Hofstra exhibit on Civil Rights movement

The Island Now

Works of Danny Lyon, a photographer best known for capturing some of the most memorable and haunting images of the civil rights movement, will be showcased in an exhibition presented at the Hofstra University Museum.

Danny Lyon:  Memories of the Southern Civil Rights Movement will be featured from Jan. 31 to April 13 at the Emily Lowe Gallery, organized by art2art Circulating Exhibitions.

An opening reception that is free and open to the public will take place on Thursday, Feb. 9, from 4 to 6 p.m.

In the summer of 1962, Lyon, a 20-year-old University of Chicago history student, packed a Nikon Reflex and an old Leica in an army bag and hitch-hiked south.

Within a week he was in jail in Albany, Georgia, looking through the bars at another prisoner, Martin Luther King, Jr.

Lyon soon became the first staff photographer for the Atlanta-based Student Nonviolent Coordinating Committee (SNCC), which already had a reputation as one of the most committed and confrontational groups fighting for civil rights.

This exhibition at Hofstra highlights the events and individuals that Lyon captured as SNCC’s staff photographer.

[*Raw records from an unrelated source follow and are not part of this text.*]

Lemma sugeno_levelE (t : R) :
  [set x | (t%:E <= (h x)%:E)%E] = [set x | t <= h x].
Proof. by apply/funext => x; rewrite /= lee_fin. Qed.

Lemma sugeno_level_measurable (t : \bar R) :
  measurable [set x | (t <= (h x)%:E)%E].
Proof.
case: t => [t||]; first by rewrite sugeno_levelE.
- suff -> : [set x | (+oo <= (h x)%:E)%E] = set0 by exact: measurable0.
  by apply/seteqP; split => x //=; rewrite leye_eq.
- suff -> : [set x | (-oo <= (h x)%:E)%E] = setT by exact: measurableT.
  by apply/seteqP; split => x //= _; exact: leNye.
Qed.

Lemma sugeno_itv01 : (0 <= sugeno m h <= 1)%E.
Proof.
case: mm => _ m_ge0 _ _; apply/andP; split.
  apply: le_ereal_sup_tmp; exists (Order.min 1%E (m [set x | (1 <= (h x)%:E)%E])).
    by exists 1%E => //=; rewrite lte01.
  by rewrite le_min lee01 m_ge0 //; exact: sugeno_level_measurable.
apply: ge_ereal_sup => _ [t _ <-]; rewrite ge_min; apply/orP; right.
by case/andP: (measure_itv01 _ (sugeno_level_measurable t)).
Qed.

Lemma sugeno_fineK : (fine (sugeno m h))%:E = sugeno m h.
Proof. exact: fineK_itv01 sugeno_itv01. Qed.

Lemma sugeno_gt_level : (forall x, h x <= 1) -> forall q, 0 <= q ->
  q < fine (sugeno m h) ->
  exists r, [/\ q < r, r <= 1 & q < fine (m [set x | r <= h x])].
Proof.
move=> h_le1 q q0; rewrite -lte_fin sugeno_fineK => /ereal_sup_gt[_ [t t_gt0 <-]].
have level_nonempty t' : (q%:E < m [set x | (t' <= (h x)%:E)%E])%E ->
    exists x, (t' <= (h x)%:E)%E.
  move=> qm; apply: contrapT => /forallNP none; move: qm.
  case: mm => m0 _ _ _; rewrite (_ : [set _ | _] = set0) ?m0 ?lte_fin ?ltNge ?q0 //.
  by apply/seteqP; split => x //= /none.
rewrite lt_min => /andP[]; case: t t_gt0 => [r _ qr qm||//]; last first.
  by move=> _ _ /level_nonempty[x]; rewrite leye_eq.
exists r; split; first by rewrite -lte_fin.
- by have [x] := level_nonempty _ qm; rewrite lee_fin => /le_trans; apply.
- by rewrite -lte_fin measure_fineK // -sugeno_levelE.
Qed.

Lemma sugeno_ge_min (L : set X) (w : R) : measurable L -> L `<=` [set x | w <= h x] ->
  Num.min w (fine (m L)) <= fine (sugeno m h).
Proof.
move=> mL Lw; have [w_le0|w_gt0] := leP w 0.
  rewrite ge_min (le_trans w_le0) // fine_ge0 //.
  by case/andP: sugeno_itv01.
rewrite -lee_fin EFin_min measure_fineK // sugeno_fineK.
apply: le_trans (ereal_sup_ubound _); last by exists w%:E; rewrite ?lte_fin.
rewrite le_min ge_min lexx /= ge_min; apply/orP; right.
by case: mm => _ _ _ m_mono; rewrite m_mono // sugeno_levelE.
Qed.

End normalized_sugeno.

Definition powR_measure {d} {X : measurableType d} {R : realType}
  (m : set X -> \bar R) (l : R) : set X -> \bar R :=
  fun A => ((fine (m A)) `^ l)%:E.

Section powR_measure.
Context {d : measure_display} {X : measurableType d} {R : realType}
  {m : set X -> \bar R} (l : R).
Hypotheses (mm : monotone_measure m) (m1 : m setT = 1%E) (l_gt0 : 0 < l).

Lemma powR_measure_setT : powR_measure m l setT = 1%E.
Proof. by rewrite /powR_measure m1 /= powR1. Qed.

Lemma powR_measure_monotone : monotone_measure (powR_measure m l).
Proof.
case: (mm) => m0 _ _ _; split => [||| A B mA mB AB].
- by rewrite /powR_measure m0 /= powR0 ?gt_eqF.
- by move=> A _; rewrite lee_fin powR_ge0.
- by rewrite powR_measure_setT lte01.
rewrite lee_fin; apply: ler_powR2r (ltW l_gt0) _ _.
  by rewrite fine_ge0 //; case/andP: (measure_itv01 mm m1 _ mA).
by rewrite -lee_fin !(measure_fineK mm m1) //; case: mm => _ _ _; apply.
Qed.

End powR_measure.

Section sugeno_powR.
Context {d : measure_display} {X : measurableType d} {R : realType}
  {m : set X -> \bar R}.
Hypotheses (mm : monotone_measure m) (m1 : m setT = 1%E).
Variable h : X -> R.
Hypotheses (h01 : forall x, 0 <= h x <= 1)
           (h_level : forall t, measurable [set x | t <= h x]).

Let h_ge0 x : 0 <= h x. Proof. by case/andP: (h01 x). Qed.
Let h_le1 x : h x <= 1. Proof. by case/andP: (h01 x). Qed.

Lemma powR_levelE b t : 0 < b -> 0 <= t ->
  [set x | t <= h x `^ b] = [set x | t `^ b^-1 <= h x].
Proof.
move=> b0 t0; have bV0 : 0 <= b^-1 by rewrite invr_ge0 ltW.
apply/seteqP; split => x /= th.
  by rewrite -(powRKV b0 (h_ge0 x)) ler_powR2r.
by rewrite -(powRVK b0 t0) ler_powR2r ?(ltW b0) ?powR_ge0.
Qed.

Lemma powR_level_measurable {b} : 0 < b -> forall t, measurable [set x | t <= h x `^ b].
Proof.
move=> b0 t; have [t_le0|t_gt0] := leP t 0; last by rewrite powR_levelE ?ltW.
suff -> : [set x | t <= h x `^ b] = setT by exact: measurableT.
by apply/seteqP; split => x //= _; rewrite (le_trans t_le0) ?powR_ge0.
Qed.

Lemma sugeno_powR_itv01 {b} : 0 < b -> 0 <= fine (sugeno m (fun x => h x `^ b)) <= 1.
Proof. by move=> b0; exact/fine_itv01/(sugeno_itv01 mm m1)/powR_level_measurable. Qed.

Lemma sugeno_powR_le b u l : 0 < b -> 0 < l -> 1 <= b * u -> l <= u ->
  fine (sugeno m (fun x => h x `^ b)) `^ u <= fine (sugeno (powR_measure m l) h).
Proof.
move=> b0 l0 bu lu; have u0 : 0 < u by rewrite -(pmulr_rgt0 _ b0) (lt_le_trans ltr01).
have bVu : b^-1 <= u by rewrite -(ler_pM2l b0) mulfV ?gt_eqF.
have hb_le1 x : h x `^ b <= 1 by case/andP: (powR_itv01 (ltW b0) (h01 x)).
have hb_level := powR_level_measurable b0.
set A := fine (sugeno m (fun x => h x `^ b)).
set B := fine (sugeno (powR_measure m l) h).
have /andP[A0 A1] := sugeno_powR_itv01 b0.
have /andP[B0 _] := fine_itv01 (sugeno_itv01 (powR_measure_monotone l mm m1 l0)
  (powR_measure_setT l m1) _ h_level).
suff lt_B p : 0 <= p -> p < A `^ u -> p < B.
  by rewrite leNgt; apply/negP => /(lt_B _ B0); rewrite ltxx.
move=> p0 pA; set t := p `^ u^-1.
have pE : p = t `^ u by rewrite powRVK.
have tA : t < A by rewrite ltNge; apply: contraTN pA => At; rewrite pE -leNgt ler_powR2r // ltW.
have [r [tr r1 tm]] := sugeno_gt_level mm m1 _ hb_level hb_le1 _ (powR_ge0 _ _) tA.
have r0 : 0 < r := le_lt_trans (powR_ge0 _ _) tr.
rewrite powR_levelE ?ltW // in tm.
apply: lt_le_trans (sugeno_ge_min (powR_measure_monotone l mm m1 l0)
  (powR_measure_setT l m1) _ h_level _ (r `^ b^-1) (h_level _) (fun _ => id)).
rewrite lt_min; apply/andP; split; rewrite pE.
  apply: lt_le_trans (ltr_powR2r u0 (powR_ge0 _ _) tr) _.
  by apply: ger_powR01; rewrite ?invr_gt0 ?(ltW r0).
apply: le_lt_trans (ltr_powR2r l0 (powR_ge0 _ _) tm).
by apply: ger_powR01; rewrite ?powR_ge0 ?(le_trans (ltW tA)).
Qed.
Lemma sigma_scal a k : lor a a = 1 -> sigma a (vscal k a) = vscal (- k) a.
Proof.
  intros Haa. unfold sigma. rewrite lor_vscall, Haa.
  apply V4_ext; unfold vadd, vscal; simpl; ring.
Qed.

Lemma sigma_vadd a u v : sigma a (vadd u v) = vadd (sigma a u) (sigma a v).
Proof. apply V4_ext; unfold sigma, vadd, vscal, lor; simpl; ring. Qed.

Lemma hyperboloid_same_sheet p0 p1 p2 q0 q1 q2 :
  0 < p0 -> - p0 ^ 2 + p1 ^ 2 + p2 ^ 2 = -1 -> - q0 ^ 2 + q1 ^ 2 + q2 ^ 2 = -1 ->
  - p0 * q0 + p1 * q1 + p2 * q2 < 0 -> 0 < q0.
Proof.
  intros Hp Hpp Hqq Hpq. destruct (Rlt_or_le 0 q0) as [|Hq]; [assumption|exfalso].
  assert (Hpos : p0 * q0 <= 0) by nra.
  assert (Hsq : (p0 * q0) ^ 2 = (p1 * q1 + p2 * q2) ^ 2 + (p1 * q2 - p2 * q1) ^ 2
                                + 1 + p1 ^ 2 + p2 ^ 2 + q1 ^ 2 + q2 ^ 2).
  { replace ((p0 * q0) ^ 2) with (p0 ^ 2 * q0 ^ 2) by ring.
    replace (p0 ^ 2) with (1 + p1 ^ 2 + p2 ^ 2) by lra.
    replace (q0 ^ 2) with (1 + q1 ^ 2 + q2 ^ 2) by lra. ring. }
  assert (Hlt : (p0 * q0) ^ 2 < (p1 * q1 + p2 * q2) ^ 2) by nra.
  pose proof (pow2_ge_0 (p1 * q2 - p2 * q1)); pose proof (pow2_ge_0 p1);
  pose proof (pow2_ge_0 p2); pose proof (pow2_ge_0 q1); pose proof (pow2_ge_0 q2).
  lra.
Qed.

Lemma sigma_in_H2xR a p : vertical_plane a -> in_H2xR p -> in_H2xR (sigma a p).
Proof.
  intros [Ha3 Haa] [Hp Hp0].
  assert (Hnorm : forall q, lor (Nvec q) (Nvec q) = - c0 q ^ 2 + c1 q ^ 2 + c2 q ^ 2)
    by (intros; unfold lor, Nvec; simpl; ring).
  assert (Hs : - c0 (sigma a p) ^ 2 + c1 (sigma a p) ^ 2 + c2 (sigma a p) ^ 2 = -1)
    by (rewrite <- Hnorm, Nvec_sigma, lor_sigma, Hnorm; auto).
  split; [exact Hs|].
  assert (Hl : lor (Nvec p) (Nvec (sigma a p)) < 0).
  { rewrite Nvec_sigma by auto.
    replace (lor (Nvec p) (sigma a (Nvec p)))
      with (lor (Nvec p) (Nvec p) - 2 * lor (Nvec p) a ^ 2)
      by (unfold sigma, vadd, vscal, lor; simpl; ring).
    rewrite Hnorm. pose proof (pow2_ge_0 (lor (Nvec p) a)). lra. }
  unfold lor, Nvec in Hl; cbn [c0 c1 c2 c3] in Hl.
  apply (hyperboloid_same_sheet (c0 p) (c1 p) (c2 p) _ (c1 (sigma a p)) (c2 (sigma a p)));
    auto; lra.
Qed.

He was present at some of the most violent and dramatic moments of civil rights history: Black Monday in Danville, Virginia; the aftermath of the bombing of the Sixteenth Street Baptist Church in Birmingham; the March on Washington in 1963; the violent winters of 1963 and 1964 in Atlanta; and the Mississippi Freedom Summer of 1964.

But Lyon’s photographs are more than a record of marches, jailings, and protests.

They take us inside the Movement-to the meetings, organizing work, and voter registration drives that were the less visible but no less important side of the struggle.

Many people have since forgotten the idealistic and truly multiracial character of the movement’s early years.

Lyon’s pictures, taken during the early 1960s, chronicle the Southern Civil Rights Movement at the height of its power.

Curated by Karen T. Albert, Hofstra University Museum deputy director and chief curator, this exhibition brings together the photographs Lyon took from 1962-1964, defining a new form of photojournalism in which the image maker is deeply and personally embedded in his subject matter.

Funding support has been provided by the New York State Council on the Arts with the support of Governor Andrew Cuomo and the New York State Legislature.

The Feb. 9 opening reception will feature guest speaker Dr. Jonathan Lightfoot, director, Center for “Race,” Culture and Social Justice at Hofstra University.

There will also be a musical tribute by Gequon Hunter and Jazara Morales, students from the Hofstra Gospel Ensemble, as they perform songs that were, and continue to be, a source of strength and hope in the ongoing effort toward equality and justice for all.